Start of Block
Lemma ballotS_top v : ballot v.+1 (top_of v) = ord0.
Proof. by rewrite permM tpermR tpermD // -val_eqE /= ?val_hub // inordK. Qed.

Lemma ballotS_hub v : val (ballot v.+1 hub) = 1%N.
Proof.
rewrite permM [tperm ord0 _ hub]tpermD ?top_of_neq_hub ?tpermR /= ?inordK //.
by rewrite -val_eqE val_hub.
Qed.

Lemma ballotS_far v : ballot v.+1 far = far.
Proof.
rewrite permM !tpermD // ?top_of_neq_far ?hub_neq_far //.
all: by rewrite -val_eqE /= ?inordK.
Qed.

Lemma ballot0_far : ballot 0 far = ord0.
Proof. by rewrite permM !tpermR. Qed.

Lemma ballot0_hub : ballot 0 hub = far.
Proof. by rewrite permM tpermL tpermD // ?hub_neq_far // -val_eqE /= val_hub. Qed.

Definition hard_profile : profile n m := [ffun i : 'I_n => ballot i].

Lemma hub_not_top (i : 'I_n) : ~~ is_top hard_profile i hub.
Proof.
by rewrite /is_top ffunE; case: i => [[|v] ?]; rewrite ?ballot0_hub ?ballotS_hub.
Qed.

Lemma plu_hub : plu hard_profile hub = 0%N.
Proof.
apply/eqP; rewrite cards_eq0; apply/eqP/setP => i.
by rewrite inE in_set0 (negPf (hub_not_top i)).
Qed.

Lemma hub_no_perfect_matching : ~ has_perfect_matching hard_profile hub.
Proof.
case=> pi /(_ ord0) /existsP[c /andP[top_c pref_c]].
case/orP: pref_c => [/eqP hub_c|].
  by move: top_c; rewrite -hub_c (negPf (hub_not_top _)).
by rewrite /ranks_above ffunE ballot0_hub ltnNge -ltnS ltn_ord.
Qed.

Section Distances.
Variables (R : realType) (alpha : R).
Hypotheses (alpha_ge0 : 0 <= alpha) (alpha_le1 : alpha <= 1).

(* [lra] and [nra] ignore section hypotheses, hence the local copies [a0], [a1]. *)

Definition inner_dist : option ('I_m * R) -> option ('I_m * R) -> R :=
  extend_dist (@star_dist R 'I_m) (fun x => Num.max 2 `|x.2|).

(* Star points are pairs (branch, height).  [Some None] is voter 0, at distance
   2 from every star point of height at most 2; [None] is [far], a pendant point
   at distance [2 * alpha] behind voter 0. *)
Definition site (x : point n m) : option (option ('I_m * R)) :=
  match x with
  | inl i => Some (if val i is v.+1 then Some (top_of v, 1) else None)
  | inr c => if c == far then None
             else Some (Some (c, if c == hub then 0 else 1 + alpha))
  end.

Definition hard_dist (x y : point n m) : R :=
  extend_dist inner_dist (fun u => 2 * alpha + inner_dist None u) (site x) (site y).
End of Block
Start of Block
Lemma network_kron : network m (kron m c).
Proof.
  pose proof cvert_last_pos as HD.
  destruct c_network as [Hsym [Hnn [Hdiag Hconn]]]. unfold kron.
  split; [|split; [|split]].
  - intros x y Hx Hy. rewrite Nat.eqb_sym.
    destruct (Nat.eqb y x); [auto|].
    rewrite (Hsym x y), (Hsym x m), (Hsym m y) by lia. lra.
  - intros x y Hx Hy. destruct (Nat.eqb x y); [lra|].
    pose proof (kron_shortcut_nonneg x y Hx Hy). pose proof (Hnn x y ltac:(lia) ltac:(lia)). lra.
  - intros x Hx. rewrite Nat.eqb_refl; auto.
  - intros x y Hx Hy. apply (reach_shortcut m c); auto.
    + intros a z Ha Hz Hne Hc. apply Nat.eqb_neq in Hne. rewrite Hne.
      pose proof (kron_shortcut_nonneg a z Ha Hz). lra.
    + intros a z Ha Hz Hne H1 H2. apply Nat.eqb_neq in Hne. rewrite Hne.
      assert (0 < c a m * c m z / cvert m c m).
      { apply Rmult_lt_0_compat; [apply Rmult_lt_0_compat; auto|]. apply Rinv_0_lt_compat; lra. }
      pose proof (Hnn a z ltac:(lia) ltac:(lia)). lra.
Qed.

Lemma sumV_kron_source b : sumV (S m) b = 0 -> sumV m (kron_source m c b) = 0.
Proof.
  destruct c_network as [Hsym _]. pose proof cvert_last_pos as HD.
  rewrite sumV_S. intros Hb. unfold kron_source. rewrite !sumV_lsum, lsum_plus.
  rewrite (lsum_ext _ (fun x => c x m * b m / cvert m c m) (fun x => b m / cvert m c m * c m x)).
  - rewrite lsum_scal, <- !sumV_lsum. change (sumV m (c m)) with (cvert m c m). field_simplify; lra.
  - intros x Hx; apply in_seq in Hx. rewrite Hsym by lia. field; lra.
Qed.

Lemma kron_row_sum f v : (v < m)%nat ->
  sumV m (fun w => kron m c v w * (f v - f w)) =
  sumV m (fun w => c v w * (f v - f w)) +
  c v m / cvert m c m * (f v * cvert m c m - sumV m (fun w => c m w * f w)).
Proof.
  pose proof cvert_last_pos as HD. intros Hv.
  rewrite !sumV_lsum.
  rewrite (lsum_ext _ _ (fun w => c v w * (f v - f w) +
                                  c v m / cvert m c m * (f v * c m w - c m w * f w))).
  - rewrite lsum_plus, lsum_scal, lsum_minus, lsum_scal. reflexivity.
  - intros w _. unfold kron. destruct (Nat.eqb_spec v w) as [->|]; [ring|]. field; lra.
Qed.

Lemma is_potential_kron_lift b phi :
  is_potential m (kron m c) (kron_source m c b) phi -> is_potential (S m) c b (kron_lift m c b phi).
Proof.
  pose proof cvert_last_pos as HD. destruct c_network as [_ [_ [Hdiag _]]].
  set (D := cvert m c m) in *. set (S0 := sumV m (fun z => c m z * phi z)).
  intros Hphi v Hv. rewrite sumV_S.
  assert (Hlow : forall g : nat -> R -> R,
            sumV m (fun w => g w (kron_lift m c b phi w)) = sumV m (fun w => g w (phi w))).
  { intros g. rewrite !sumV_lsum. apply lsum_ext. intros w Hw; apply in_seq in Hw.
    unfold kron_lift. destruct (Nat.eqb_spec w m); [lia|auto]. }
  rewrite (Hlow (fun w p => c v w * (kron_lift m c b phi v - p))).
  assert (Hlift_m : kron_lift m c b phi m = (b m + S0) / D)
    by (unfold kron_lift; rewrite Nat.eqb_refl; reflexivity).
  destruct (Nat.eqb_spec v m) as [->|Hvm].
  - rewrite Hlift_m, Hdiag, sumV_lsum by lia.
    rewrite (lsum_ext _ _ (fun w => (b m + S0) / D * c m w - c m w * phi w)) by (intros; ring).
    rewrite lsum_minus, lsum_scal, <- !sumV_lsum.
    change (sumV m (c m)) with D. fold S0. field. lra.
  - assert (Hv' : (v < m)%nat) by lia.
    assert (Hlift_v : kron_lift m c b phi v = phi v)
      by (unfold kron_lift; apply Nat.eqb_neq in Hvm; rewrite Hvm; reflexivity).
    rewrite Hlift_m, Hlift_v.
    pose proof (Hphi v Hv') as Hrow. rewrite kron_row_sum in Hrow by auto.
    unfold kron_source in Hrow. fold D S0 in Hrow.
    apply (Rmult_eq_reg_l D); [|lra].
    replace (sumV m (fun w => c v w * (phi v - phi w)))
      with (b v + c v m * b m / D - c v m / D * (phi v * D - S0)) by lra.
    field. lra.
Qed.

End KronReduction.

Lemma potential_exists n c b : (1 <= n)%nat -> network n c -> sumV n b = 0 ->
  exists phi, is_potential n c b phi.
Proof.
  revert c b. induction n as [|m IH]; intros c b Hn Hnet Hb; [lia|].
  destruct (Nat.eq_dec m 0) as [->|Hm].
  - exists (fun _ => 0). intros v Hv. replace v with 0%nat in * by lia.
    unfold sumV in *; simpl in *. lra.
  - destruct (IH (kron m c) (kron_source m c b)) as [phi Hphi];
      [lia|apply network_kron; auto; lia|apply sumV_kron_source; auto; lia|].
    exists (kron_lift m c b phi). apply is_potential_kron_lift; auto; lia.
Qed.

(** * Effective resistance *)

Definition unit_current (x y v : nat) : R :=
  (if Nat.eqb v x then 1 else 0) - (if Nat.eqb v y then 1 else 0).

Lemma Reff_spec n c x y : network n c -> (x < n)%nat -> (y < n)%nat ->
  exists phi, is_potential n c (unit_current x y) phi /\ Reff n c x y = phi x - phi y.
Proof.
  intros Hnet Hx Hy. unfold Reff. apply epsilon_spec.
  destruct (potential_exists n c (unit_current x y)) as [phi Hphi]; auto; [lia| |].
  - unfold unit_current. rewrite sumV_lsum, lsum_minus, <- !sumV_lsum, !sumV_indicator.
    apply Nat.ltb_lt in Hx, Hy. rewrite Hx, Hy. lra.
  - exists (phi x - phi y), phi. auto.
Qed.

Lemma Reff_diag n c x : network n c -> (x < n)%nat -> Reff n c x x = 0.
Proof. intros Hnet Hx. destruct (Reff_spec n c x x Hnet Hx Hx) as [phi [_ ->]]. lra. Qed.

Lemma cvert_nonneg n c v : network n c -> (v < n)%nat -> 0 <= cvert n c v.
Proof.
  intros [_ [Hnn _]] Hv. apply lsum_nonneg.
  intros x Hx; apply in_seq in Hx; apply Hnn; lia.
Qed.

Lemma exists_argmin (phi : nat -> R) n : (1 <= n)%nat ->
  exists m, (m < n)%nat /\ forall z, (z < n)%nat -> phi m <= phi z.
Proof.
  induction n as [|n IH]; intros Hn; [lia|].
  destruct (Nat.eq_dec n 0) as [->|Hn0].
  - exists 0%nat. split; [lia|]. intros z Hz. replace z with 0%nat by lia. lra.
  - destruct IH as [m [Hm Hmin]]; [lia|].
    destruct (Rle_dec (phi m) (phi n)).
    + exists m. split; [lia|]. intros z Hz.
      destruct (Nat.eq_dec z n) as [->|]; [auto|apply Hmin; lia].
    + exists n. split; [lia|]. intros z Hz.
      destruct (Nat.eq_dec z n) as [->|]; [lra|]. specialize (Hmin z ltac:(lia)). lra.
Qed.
End of Block
Lines of the material may hold the string "permM". Copy each one that does.

● ANSWER:
Proof. by rewrite permM tpermR tpermD // -val_eqE /= ?val_hub // inordK. Qed.
rewrite permM [tperm ord0 _ hub]tpermD ?top_of_neq_hub ?tpermR /= ?inordK //.
rewrite permM !tpermD // ?top_of_neq_far ?hub_neq_far //.
Proof. by rewrite permM !tpermR. Qed.
Proof. by rewrite permM tpermL tpermD // ?hub_neq_far // -val_eqE /= val_hub. Qed.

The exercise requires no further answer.